The young man stretched his arm along the back of the pew, nearly but not quite embracing the young woman and child, just an easy drape of affection, of togetherness.

I could just see the top of the child’s head, two pinned-up pigtails coming loose, where his hand rested.

Then a chubby little hand crept up to pat his arm, once, twice, with all the grace of a ballerina. Two slow, deliberate, barely-discernible pats, before the dimpled hand disappeared again.

I watched, pierced by this silent message.

Maybe it was I love you. Or Thank you for being with me. Or quiet reassurance—I am fine, you are fine, we are fine together. Maybe even I’m here, you’re here, all is well with the world.

Such pureness of heart in that simple gesture. Such trust and confidence, such peace. How naturally it comes to a child, reaching out to someone else in benevolence, faith, and belonging.

And I mourned the incremental loss of it as we grow older, that it should fade like the colored patches of stained-glass light against the wall, that clarity of purpose should be obscured even as we accrue the words and language to better communicate our thoughts and feelings, that we should have to think twice about reaching out, or being the first to do so.
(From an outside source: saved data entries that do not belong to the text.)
(* Let $\mathcal{V}$ be a real, separable, infinite-dimensional Hilbert space with orthonormal basis $(e_n)_{n\ge1}$. Let $\mathcal{X}=\{v=\sum_{n\ge1}c_ne_n\in\mathcal{V}:\sum_{n\ge1}|c_n|\le1\}$ and $\mathcal{Y}=\{v\in\mathcal{V}:\|v\|\le1\}$. Then there exists a class $\mathcal{F}\subset S_1(\mathcal{V},\mathcal{V})$ such that for every $T\in\mathbb{N}$: (i) $\mathrm{Rad}_T(\mathcal{F})\ge T/2$; (ii) $\inf_{\mathcal{A}}\mathtt{R}_{\mathcal{A}}(T,\mathcal{F})\le 2+8\sqrt{T\ln(2T)}$. In particular $\mathcal{F}$ is online learnable but sequential uniform convergence fails for its squared-loss class.
   Context: $S_1(\mathcal{V},\mathcal{V})$ is the set of compact linear operators $f:\mathcal{V}\to\mathcal{V}$ whose singular values are summable (trace class). Online protocol with instance space $\mathcal{X}$ and target space $\mathcal{Y}$: for $t=1,\dots,T$, an adversary picks $(x_t,y_t)\in\mathcal{X}\times\mathcal{Y}$ and reveals $x_t$; the learner $\mathcal{A}$, using past labeled examples and $x_t$ (and possibly internal randomness), predicts $\mathcal{A}(x_t)\in\mathcal{Y}$, then $y_t$ is revealed. The regret is \[\mathtt{R}_{\mathcal{A}}(T,\mathcal{F})=\sup_{(x_1,y_1),\dots,(x_T,y_T)\in\mathcal{X}\times\mathcal{Y}}\mathbb{E}\Big[\sum_{t=1}^T\|\mathcal{A}(x_t)-y_t\|^2-\inf_{f\in\mathcal{F}}\sum_{t=1}^T\|f(x_t)-y_t\|^2\Big].\] Sequential Rademacher complexity: with $\sigma_1,\dots,\sigma_T$ i.i.d. uniform on $\{-1,1\}$ and $\sigma_{<t}=(\sigma_1,\dots,\sigma_{t-1})$, \[\mathrm{Rad}_T(\mathcal{F})=\sup_{x,y}\mathbb{E}_\sigma\Big[\sup_{f\in\mathcal{F}}\sum_{t=1}^T\sigma_t\|f(x_t(\sigma_{<t}))-y_t(\sigma_{<t})\|^2\Big],\] the supremum over all sequences of maps $(x_t,y_t):\{-1,1\}^{t-1}\to\mathcal{X}\times\mathcal{Y}$. *)

(* The real separable infinite-dimensional Hilbert
   space V is modelled as l^2(N) over a realType R, with (e_n) the standard basis. *)
From HB Require Import structures.
From mathcomp Require Import all_boot all_order all_algebra.
From mathcomp Require Import all_classical all_reals all_analysis.
Set Implicit Arguments. Unset Strict Implicit. Unset Printing Implicit Defensive.
Import Order.TTheory GRing.Theory Num.Theory.
Import numFieldNormedType.Exports.
Local Open Scope classical_set_scope.
Local Open Scope ring_scope.

Section Defs.
Variable R : realType.

Definition vec := nat -> R.

Definition vdiff (a b : vec) : vec := fun n => a n - b n.

Definition inV (v : vec) : Prop :=
  exists M : R, forall N, \sum_(n < N) v n ^+ 2 <= M.

Definition inX (v : vec) : Prop := forall N, \sum_(n < N) `|v n| <= 1.

Definition inY (v : vec) : Prop := forall N, \sum_(n < N) v n ^+ 2 <= 1.

Definition sqnorm (v : vec) : R := limn (series (fun n => v n ^+ 2)).
Definition ip (u v : vec) : R := limn (series (fun n => u n * v n)).

Definition orthonormal (u : nat -> vec) : Prop :=
  (forall i, inV (u i)) /\ (forall i j, ip (u i) (u j) = (i == j)%:R).

(* S_1(V,V): compact operators with summable singular values, given by their
   Schmidt (singular value) decomposition f v = sum_k s_k <v,u_k> w_k,
   s_k >= 0 summable, (u_k), (w_k) orthonormal.  Only the action on V matters. *)
Definition trace_class (f : vec -> vec) : Prop :=
  exists (s : nat -> R) (u w : nat -> vec),
    (forall k, 0 <= s k) /\
    (exists M : R, forall N, \sum_(k < N) s k <= M) /\
    orthonormal u /\ orthonormal w /\
    (forall v, inV v -> forall m,
        f v m = limn (series (fun k => s k * ip v (u k) * w k m))).

(* A (possibly randomized) online learner: internal randomness is a probability
   space (Omega, P); given the history of past labeled examples and the current
   instance, it predicts a point of Y. *)
Record learner := Learner {
  l_disp : measure_display;
  l_Omega : measurableType l_disp;
  l_P : probability l_Omega R;
  l_A : l_Omega -> seq (vec * vec) -> vec -> vec;
  l_inY : forall w h x, inY (l_A w h x);
  l_meas : forall h x y,
      measurable_fun setT (fun w => sqnorm (vdiff (l_A w h x) y))
}.

(* history (x_1,y_1),...,(x_{t-1},y_{t-1}) (0-indexed rounds 0..t-1) *)
Definition hist (xs ys : nat -> vec) (t : nat) : seq (vec * vec) :=
  [seq (xs i, ys i) | i <- iota 0 t].

Definition learner_loss (L : learner) (T : nat) (xs ys : nat -> vec)
  (w : l_Omega L) : R :=
  \sum_(t < T) sqnorm (vdiff (l_A w (hist xs ys t) (xs t)) (ys t)).

Definition class_loss (f : vec -> vec) (T : nat) (xs ys : nat -> vec) : R :=
  \sum_(t < T) sqnorm (vdiff (f (xs t)) (ys t)).

Definition valid_seq (T : nat) (xy : (nat -> vec) * (nat -> vec)) : Prop :=
  forall t, (t < T)%N -> inX (xy.1 t) /\ inY (xy.2 t).

Definition regret (L : learner) (T : nat) (F : set (vec -> vec)) : \bar R :=
  ereal_sup [set ((\int[l_P L]_w (@learner_loss L T xy.1 xy.2 w)%:E)
                  - ereal_inf [set (class_loss f T xy.1 xy.2)%:E | f in F])%E
            | xy in valid_seq T].

Definition sgn (b : bool) : R := if b then 1 else -1.

(* a tree: (x_t(sigma_{<t}), y_t(sigma_{<t})) = (x (take t s), y (take t s)) *)
Definition valid_tree (xy : (seq bool -> vec) * (seq bool -> vec)) : Prop :=
  forall s, inX (xy.1 s) /\ inY (xy.2 s).

Definition rad_inner (F : set (vec -> vec)) (T : nat)
  (xy : (seq bool -> vec) * (seq bool -> vec)) (s : T.-tuple bool) : \bar R :=
  ereal_sup [set (\sum_(t < T) sgn (tnth s t) *
       sqnorm (vdiff (f (xy.1 (take t s))) (xy.2 (take t s))))%:E | f in F].

Definition Rad (F : set (vec -> vec)) (T : nat) : \bar R :=
  ereal_sup [set ((2 ^- T : R)%:E * \sum_(s : T.-tuple bool) rad_inner F xy s)%E
            | xy in valid_tree].

End Defs.

(* The class consists of the operators [expert n], one for each finite bit string
   [bits n]: [expert n] maps [e_k] to [e_(cell n k)] or to [0] according to bit [k], and
   the cells of different experts are disjoint, so each expert has finite rank.  On the
   tree [x_t = e_t], [y_t = 0], the expert coding the sign path has loss [1] exactly at
   the rounds of sign [+1], whence [Rad_T >= T/2].

   An expert can beat the zero predictor only by the energy that the labels put on its
   cells, and as cells are disjoint this energy is at most [1] per round.  Hence by
   round [t] at most [t] experts are awake (have received energy [>= 1]), and while an
   expert sleeps the zero predictor is as good up to a total of [2].  Hedge on the awake
   experts plus [T + 1 - #awake] copies of the zero predictor is Hedge with [T + 1]
   experts and losses in [[0, 4]]; the learner predicts the weighted mixture, whose loss
   is at most the weighted average by convexity.  The learning rate
   [sqrt (T ln 2T) / 4T] gives regret [2 + 8 sqrt (T ln 2T)]. *)

From Pilot Require Import Defs.
From mathcomp Require Import all_boot all_order all_algebra.
From mathcomp Require Import all_classical all_reals all_analysis.
From mathcomp Require Import ring lra.
Import Order.TTheory GRing.Theory Num.Theory.
Import numFieldNormedType.Exports.
Local Open Scope classical_set_scope.
Local Open Scope ring_scope.
Set Implicit Arguments. Unset Strict Implicit. Unset Printing Implicit Defensive.

Section OrdinalSums.
Variable V : nmodType.
Implicit Types (u : nat -> V) (P : pred nat).

Lemma sum_ord_supp u M N : (forall k, (M <= k)%N -> u k = 0) -> (M <= N)%N ->
  \sum_(k < N) u k = \sum_(k < M) u k.
Proof.
move=> u0 MN; rewrite -!(big_mkord xpredT) (big_cat_nat (leq0n M) MN) /=.
by rewrite [X in _ + X]big_nat_cond [X in _ + X]big1 ?addr0 // => k /andP[/andP[/u0]].
Qed.

Lemma sum_ord_cond_bound P u M N :
  (forall k, P k -> (k < M)%N) -> (forall k, P k -> (k < N)%N) ->
  \sum_(k < N | P k) u k = \sum_(k < M | P k) u k.
Proof.
wlog MN : M N / (M <= N)%N.
  by move=> wlog PM PN; case: (leqP M N) => [|/ltnW] ?; [|symmetry]; apply: wlog.
move=> PM _; rewrite big_mkcond [RHS]big_mkcond /=.
apply: (sum_ord_supp (u := fun k => if P k then u k else 0) _ MN) => k Mk.
by case: ifP => // /PM; rewrite ltnNge Mk.
Qed.

Lemma sum_ord_single P u k0 N : (forall k, k != k0 -> u k = 0) ->
  \sum_(k < N | P k) u k = if (k0 < N)%N && P k0 then u k0 else 0.
Proof.
move=> u0; case: ifP => [/andP[k0N Pk0]|Nk0].
  rewrite (bigD1 (Ordinal k0N)) //= big1 ?addr0 // => k /andP[_ kk0].
  by apply: u0; apply: contra kk0 => /eqP kk0; apply/eqP/val_inj.
rewrite big1 // => k Pk; apply: u0; apply/eqP => kk0.
by move: Nk0; rewrite -kk0 ltn_ord Pk.
Qed.

End OrdinalSums.

Section NumSums.
Variable R : numDomainType.
Implicit Types (u : nat -> R) (P : pred nat).

Lemma sum_ord_mono u N N' : (forall k, 0 <= u k) -> (N <= N')%N ->
  \sum_(k < N) u k <= \sum_(k < N') u k.
Proof.
move=> u0 NN'; rewrite -!(big_mkord xpredT) (big_cat_nat (leq0n N) NN') /=.
by rewrite lerDl; apply: sumr_ge0.
Qed.

Lemma sqr_sum_single P u k0 N : (forall k, k != k0 -> u k = 0) ->
  (\sum_(k < N | P k) u k) ^+ 2 = \sum_(k < N | P k) u k ^+ 2.
Proof.
move=> u0; rewrite (sum_ord_single _ _ u0).
rewrite (@sum_ord_single _ P (fun k => u k ^+ 2) k0) => [|k /u0->]; last by rewrite expr0n.
by case: ifP; rewrite ?expr0n.
Qed.

End NumSums.

Section FiniteSeries.
Variable R : realType.
Implicit Types (u : nat -> R).

Lemma series_finsupp u N n : (forall k, (N <= k)%N -> u k = 0) -> (N <= n)%N ->
  series u n = \sum_(k < N) u k.
Proof. by move=> u0 Nn; rewrite seriesEnat /= big_mkord (sum_ord_supp u0). Qed.

Lemma cvg_series_finsupp u N : (forall k, (N <= k)%N -> u k = 0) ->
  cvgn (series u).
Proof.
move=> u0; apply: (is_cvg_near_cst (\sum_(k < N) u k)).
by near=> n; apply: series_finsupp => //; near: n; exact: nbhs_infty_ge.
Unshelve. all: by end_near.
Qed.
Two gentle pats, in them contained the original order and design of things, that together is the best place to be, that we are here for one another.
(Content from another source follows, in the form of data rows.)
(* Let $N,d\in\mathbb{N}^*$, $\alpha>0$, and for $i\neq j$ let $\Psi_{ij}:\mathbb{R}^{2dN}\to\mathbb{R}_+$ be non-negative, bounded and locally Lipschitz. Let $(x_i,v_i)_i$ be a solution on $\mathbb{R}_+$ of $\frac{dx_i}{dt}=v_i$, $\frac{dv_i}{dt}=\alpha\sum_jQ_t(i,j)(v_j-v_i)$, where $Q_t(i,j)=\Psi_{ij}((x_k(t),v_k(t))_k)$ for $i\ne j$ and $Q_t(i,i)=-\sum_{j\ne i}Q_t(i,j)$, and let $(P^*_{s,t})_{0\le s\le t}$ be the solution on $\mathbb{R}_+$ of $P^*_{t,t}=I$, $\partial_tP^*_{s,t}=\alpha Q_tP^*_{s,t}$, $\partial_sP^*_{s,t}=-\alpha P^*_{s,t}Q_s$. Suppose there exists $C:\mathbb{R}_+^2\to\mathbb{R}_+$ such that (a) for all $t\ge0$, $r\mapsto C(t,r)$ is increasing; (b) for all $r\ge X(0)$, $C(t,r)\to0$ as $t\to+\infty$; (c) for all $t\ge0$, $1-\mu(P^*_{0,t})\le C(t,\sup_{s\le t}X(s))$. If there exists $r_0\ge X(0)$ with $$r_0-X(0)>V(0)\int_0^{+\infty}C(s,r_0)\,ds,$$ then the solution flocks: $\sup_{t\ge0}X(t)<+\infty$ and $V(t)\to0$ as $t\to+\infty$.
   Context: $X(t)=\sup_{i,j}\|x_i(t)-x_j(t)\|_2$, $V(t)=\sup_{i,j}\|v_i(t)-v_j(t)\|_2$. The Dobrushin ergodicity coefficient of a stochastic matrix $P$ is $\mu(P)=\inf_{i,j}\sum_kP(i,k)\wedge P(j,k)$, with $a\wedge b=\min(a,b)$. *)

From HB Require Import structures.
From mathcomp Require Import all_boot all_order all_algebra.
From mathcomp Require Import all_classical all_reals all_analysis.
Set Implicit Arguments. Unset Strict Implicit. Unset Printing Implicit Defensive.
Import Order.TTheory GRing.Theory Num.Theory.
Import numFieldNormedType.Exports.
Local Open Scope ring_scope.
Local Open Scope classical_set_scope.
And so the children remind us.

The star

The first Christmas that we were married, my husband and I bought a star tree topper at a drugstore.

That was over thirty years ago.

The star was silver then.

Eventually I sprayed it gold so it would better match ornaments on the tree.
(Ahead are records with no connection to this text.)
(* Let $V$ be a braided vector space of diagonal type over a field $F$ of characteristic zero with basis $x_1,\dots,x_n$ and braiding $C(x_i\otimes x_j)=p_{i,j}x_j\otimes x_i$, and let $\mathfrak B(V)$ be its Nichols algebra. Then $\mathfrak L(V)=\mathfrak L(V)_R$ if and only if $p_{i,i}^2=1$ for all $i$ and, for all $1\le i\ne j\le n$, $p_{i,j}p_{j,i}=1$ and $p_{i,j}^3=1$. In this case $\mathfrak L(V)=\mathfrak L(V)_R=V$.
   Context: $\mathfrak B(V)=T(V)/\bigoplus_{m\ge2}\ker S_m$ is $\mathbb Z^n$-graded with $\deg x_i=e_i$; for homogeneous $u,v$ with $\deg u=\sum a_ie_i$, $\deg v=\sum b_je_j$ put $p_{u,v}=\prod p_{i,j}^{a_ib_j}$. $\mathfrak L(V)$ is the subspace of $\mathfrak B(V)$ generated by $V$ under the braided bracket $[u,v]=uv-p_{u,v}vu$ (for homogeneous $u,v$, extended bilinearly), i.e. the smallest subspace containing $V$ and closed under this bracket (the Nichols braided Lie algebra). $\mathfrak L(V)_R$ is the Lie subalgebra of $\mathfrak B(V)$ generated by $V$ under $[u,v]_R=p_{u,v}uv-p_{v,u}vu$. *)

From HB Require Import structures.
From mathcomp Require Import all_boot all_order all_algebra all_fingroup.
Set Implicit Arguments. Unset Strict Implicit. Unset Printing Implicit Defensive.
Import Order.TTheory GRing.Theory.
Local Open Scope ring_scope.

Section Nichols.
Variables (F : fieldType) (n : nat) (p : 'I_n -> 'I_n -> F).

(* Words x_{w_1}...x_{w_m} form the basis of T(V); an element of T(V) is
   given by its coefficient function on words, with finite support. *)
Definition word := seq 'I_n.
Definition tens := word -> F.

(* finite support (there are finitely many words of each length) *)
Definition tfin (u : tens) := exists N : nat, forall w : word, (N < size w)%N -> u w = 0.

Definition tadd (u v : tens) : tens := fun w => u w + v w.
Definition topp (u : tens) : tens := fun w => - u w.
Definition tscale (a : F) (u : tens) : tens := fun w => a * u w.

Definition xgen (i : 'I_n) : tens := fun w => (w == [:: i])%:R.

Definition pdeg (a b : word) : F :=
  \prod_(i < n) \prod_(j < n) p i j ^+ (count_mem i a * count_mem j b).

(* braided bracket [u,v] = uv - p_{u,v} vu on words, extended bilinearly *)
Definition brL (u v : tens) : tens := fun w =>
  \sum_(k < (size w).+1)
     (u (take k w) * v (drop k w)
      - pdeg (drop k w) (take k w) * (v (take k w) * u (drop k w))).

(* [u,v]_R = p_{u,v} uv - p_{v,u} vu on words, extended bilinearly *)
Definition brR (u v : tens) : tens := fun w =>
  \sum_(k < (size w).+1)
     (pdeg (take k w) (drop k w) * (u (take k w) * v (drop k w))
      - pdeg (take k w) (drop k w) * (v (take k w) * u (drop k w))).

(* Quantum symmetrizer S_m = sum_{s in S_m} T_s, where the braid lift T_s maps
   the word a = a_1..a_m to (prod_{i<j, s i > s j} p_{a_i,a_j}) times the word b
   with b_{s i} = a_i.  symm u b is the coefficient of the word b in S_m(u_m),
   u_m the degree-m component of u, m = size b. *)
Definition symm (u : tens) (b : word) : F :=
  let t := in_tuple b in
  \sum_(s : 'S_(size b))
    (\prod_(i : 'I_(size b)) \prod_(j : 'I_(size b) | (i < j)%N && (s j < s i)%N)
        p (tnth t (s i)) (tnth t (s j)))
    * u [seq tnth t (s i) | i <- enum 'I_(size b)].

(* the ideal  (+)_{m>=2} ker S_m  of T(V) *)
Definition nideal (u : tens) : Prop :=
  tfin u /\ u [::] = 0 /\ (forall w : word, size w = 1%N -> u w = 0)
  /\ (forall b : word, (2 <= size b)%N -> symm u b = 0).

(* u lies in V + ideal, i.e. its class in B(V) lies in (the image of) V *)
Definition inVmod (u : tens) : Prop :=
  exists v : tens, (forall w : word, size w != 1%N -> v w = 0)
                   /\ nideal (tadd u (topp v)).

(* Preimage in T(V) of L(V): smallest subspace of B(V) containing V and
   closed under the braided bracket (saturated under the ideal). *)
Inductive LT : tens -> Prop :=
| LT_gen i : LT (xgen i)
| LT_zero : LT (fun _ => 0)
| LT_add u v : LT u -> LT v -> LT (tadd u v)
| LT_scale a u : LT u -> LT (tscale a u)
| LT_br u v : LT u -> LT v -> LT (brL u v)
| LT_ideal u v : LT u -> nideal v -> LT (tadd u v).

(* Preimage in T(V) of L(V)_R *)
Inductive LRT : tens -> Prop :=
| LRT_gen i : LRT (xgen i)
| LRT_zero : LRT (fun _ => 0)
| LRT_add u v : LRT u -> LRT v -> LRT (tadd u v)
| LRT_scale a u : LRT u -> LRT (tscale a u)
| LRT_br u v : LRT u -> LRT v -> LRT (brR u v)
| LRT_ideal u v : LRT u -> nideal v -> LRT (tadd u v).

End Nichols.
Every year I have to reinforce it with hot glue and duct tape. And every year I say it’s time for this old star to go.

But it still shines.

And I can’t find another tree topper I like better.

It’s older than our children. It’s presided over Christmas for their entire lives.

It’s outlasted the gingerbread ornament that my youngest made in preschool. The sweet ornament crumbled after a decade or so—ashes to ashes, dust to dust, gingerbread to cinnamon and cloves. Spice of life, formless and void, fragrant fragments in my hand when just the Christmas before, it was whole.

The star shone on when other lights went out, one by one. Lights in my life, not those of man-made strings on the tree. This star glowed above me as I decorated, year after passing year, listening to a particularly poignant version of Jesu, Joy of Man’s Desiring that pierced my soul. The haunting chords stirred an almost unbearable sense of loss. Of time, of people, of the inevitability of it all. For a moment, though, under that star, somewhere in the music, in the light, in the season, those who loved me were near again. Not visible, not tangible, yet present, perceptible. Very near.

It stands within its own circle, this star. I think of all that might symbolize. The circle of life. May the circle be unbroken. A wedding band, a halo, a covenant. Wholeness, holiness.

It is fragile.

It is old.

But the star hangs on. It still shines.

With Christmas grace.

Today

 

Bubble in reeds

Today … a bubble in the reeds. Claudia DeaCC BY

Today held some rare things.

A teacher said, “Come sit with me while I do my reading groups. I don’t learn by watching but by doing.  Just be there with me and jump in when you see a way I can make them better.”

A third-grader read me his rough draft about experiencing an eclipse, relating his understanding of the science behind it, yet conveying real fear at watching the sun go dark. I sat, listening, in awe of his inspiration, his words.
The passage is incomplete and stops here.